_What the task asks_
Please reproduce exactly the lines that begin the listing below, up to and including the line where "move: hc; rewrite" occurs.

::: Dataset excerpts :::

(* [b theta] lies strictly between [0] and [2 pi], where only [pi] has zero
   sine, and [cos pi = -1]. *)
Lemma tau_expr_neq1 r b :
  (0 < b)%N -> (b < r.-1)%N -> GRing.exp (tau r) b != GRing.one _.
Proof.
move=> b0 br; rewrite tau_expr /theta; apply/negP => /eqP [hc hs].
have hb0 : 0 < INR b by apply/lt_0_INR/ssrnat.ltP.
have hbr : INR b < INR r.-1 by apply/lt_INR/ssrnat.ltP.
have pi0 := PI_RGT_0.
set x := INR b * (2 * PI / INR r.-1) in hc hs.
have x0 : 0 < x by rewrite /x; apply: Rmult_lt_0_compat => //; apply: Rdiv_lt_0_compat; lra.
have x2 : x < 2 * PI.
  rewrite /x /Rdiv -Rmult_assoc (Rmult_comm (INR b)) Rmult_assoc.
  rewrite -[X in _ < X]Rmult_1_r; apply: Rmult_lt_compat_l; first lra.
  apply: (Rmult_lt_reg_r (INR r.-1)); first lra.
  rewrite Rmult_assoc Rinv_l; lra.
have [z xz] := sin_eq_0_0 _ hs; rewrite xz in x0 x2.
have z1 : z = Zpos xH.
  have : Z.lt Z0 z by apply: lt_IZR; nra.
  have : Z.lt z (Zpos (xO xH)) by apply: lt_IZR; nra.
  lia.
move: hc; rewrite xz z1 Rmult_1_l cos_PI => hc; change (-1 = 1) in hc; lra.
Qed.

End RootOfUnity.

Lemma aa_gt0 k r : (2 <= r)%N -> (0 < aa k r)%N.
Proof.
move=> hr; have hg : (0 < gg k r)%N by rewrite /gg gcdn_gt0.
by rewrite /aa divn_gt0 // dvdn_leq ?dvdn_gcdr //; case: r hr {hg} => [|[|]].
Qed.

Lemma cexp_gt0 k r : (2 <= r)%N -> (0 < cexp k r)%N.
Proof.
move=> /(aa_gt0 k); rewrite /cexp; case: ifP => //.
by case: (aa k r) => [|[|a]] //= ; lia.
Qed.

Lemma cexp_dexp_balance k r : (2 * cexp k r * k.+1 = dexp k r * r.-1)%N.
Proof.
have key : (aa k r * k.+1 = bb k r * r.-1)%N.
  rewrite /aa /bb /gg; set g := gcdn k.+1 r.-1.
  have [gk gr] : (g %| k.+1 /\ g %| r.-1)%N by rewrite dvdn_gcdl dvdn_gcdr.
  rewrite -{1}(divnK gk) -{2}(divnK gr); ring.
have := odd_double_half (aa k r); rewrite /cexp /dexp; case: ifP => _; lia.
Qed.

Lemma t12_neq0 k r : t12 k r != 0.
Proof. exact: wexp_neq0. Qed.

Lemma qpar_neq0 k r : (2 <= r)%N -> qpar k r != 0.
Proof.
move=> hr; rewrite /qpar mulf_neq0 ?invr_neq0 ?wexp_neq0 //.
rewrite /tofr tofrac_eq0 polyC_eq0; apply/eqP => tau0.
have := tau_expr_pred hr; rewrite tau0 expr0n.
by case: r hr {tau0} => [|[|]] // r _ /eqP; rewrite eq_sym oner_eq0.
Qed.

Lemma tpar_qpar_expr k r d b : tpar k r ^+ d * qpar k r ^+ b =
  w ^ ((2 * cexp k r * d)%N%:Z - (dexp k r * b)%N%:Z) * tofr (tau r ^+ b)%:P.
Proof.
rewrite expfzDr ?w_neq0 // -exprnN /tpar /t12 /qpar -!exprM exprMn exprVn -exprM.
rewrite /tofr rmorphXn tofracXn /= -exprnP.
by rewrite (mulnCA (cexp k r)) mulnA mulrA mulrAC.
Qed.

Lemma tpar_qpar_neq1 k r d b : (2 <= r)%N -> (0 < d)%N -> (b <= r - 2)%N ->
  tpar k r ^+ d * qpar k r ^+ b != 1.
Proof.
move=> hr d0 hb; rewrite tpar_qpar_expr; apply/eqP => e1.
have e0 := wexpz_const_eq1 e1; move: e1.
rewrite e0 expr0z mul1r -tofrac1 => /tofr_inj /polyC_inj /eqP.
have c0 := cexp_gt0 k hr.
case: b hb e0 => [|b] hb e0; first by move: e0; rewrite muln0 subr0 => -[]; lia.
by apply/negP/tau_expr_neq1 => //; lia.
Qed.

Lemma tpar_neq1 k r : (2 <= r)%N -> tpar k r != 1.
Proof. by move=> hr; have := @tpar_qpar_neq1 k r 1 0 hr isT (leq0n _); rewrite mulr1. Qed.

Lemma tpar_qpar_relation k r : (2 <= r)%N -> tpar k r ^+ k.+1 * qpar k r ^+ r.-1 = 1.
Proof.
move=> hr; rewrite tpar_qpar_expr cexp_dexp_balance subrr expr0z mul1r.
by rewrite tau_expr_pred // /tofr tofrac1.
Qed.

:::

_Exercise response_
(* [b theta] lies strictly between [0] and [2 pi], where only [pi] has zero
   sine, and [cos pi = -1]. *)
Lemma tau_expr_neq1 r b :
  (0 < b)%N -> (b < r.-1)%N -> GRing.exp (tau r) b != GRing.one _.
Proof.
move=> b0 br; rewrite tau_expr /theta; apply/negP => /eqP [hc hs].
have hb0 : 0 < INR b by apply/lt_0_INR/ssrnat.ltP.
have hbr : INR b < INR r.-1 by apply/lt_INR/ssrnat.ltP.
have pi0 := PI_RGT_0.
set x := INR b * (2 * PI / INR r.-1) in hc hs.
have x0 : 0 < x by rewrite /x; apply: Rmult_lt_0_compat => //; apply: Rdiv_lt_0_compat; lra.
have x2 : x < 2 * PI.
  rewrite /x /Rdiv -Rmult_assoc (Rmult_comm (INR b)) Rmult_assoc.
  rewrite -[X in _ < X]Rmult_1_r; apply: Rmult_lt_compat_l; first lra.
  apply: (Rmult_lt_reg_r (INR r.-1)); first lra.
  rewrite Rmult_assoc Rinv_l; lra.
have [z xz] := sin_eq_0_0 _ hs; rewrite xz in x0 x2.
have z1 : z = Zpos xH.
  have : Z.lt Z0 z by apply: lt_IZR; nra.
  have : Z.lt z (Zpos (xO xH)) by apply: lt_IZR; nra.
  lia.
move: hc; rewrite xz z1 Rmult_1_l cos_PI => hc; change (-1 = 1) in hc; lra.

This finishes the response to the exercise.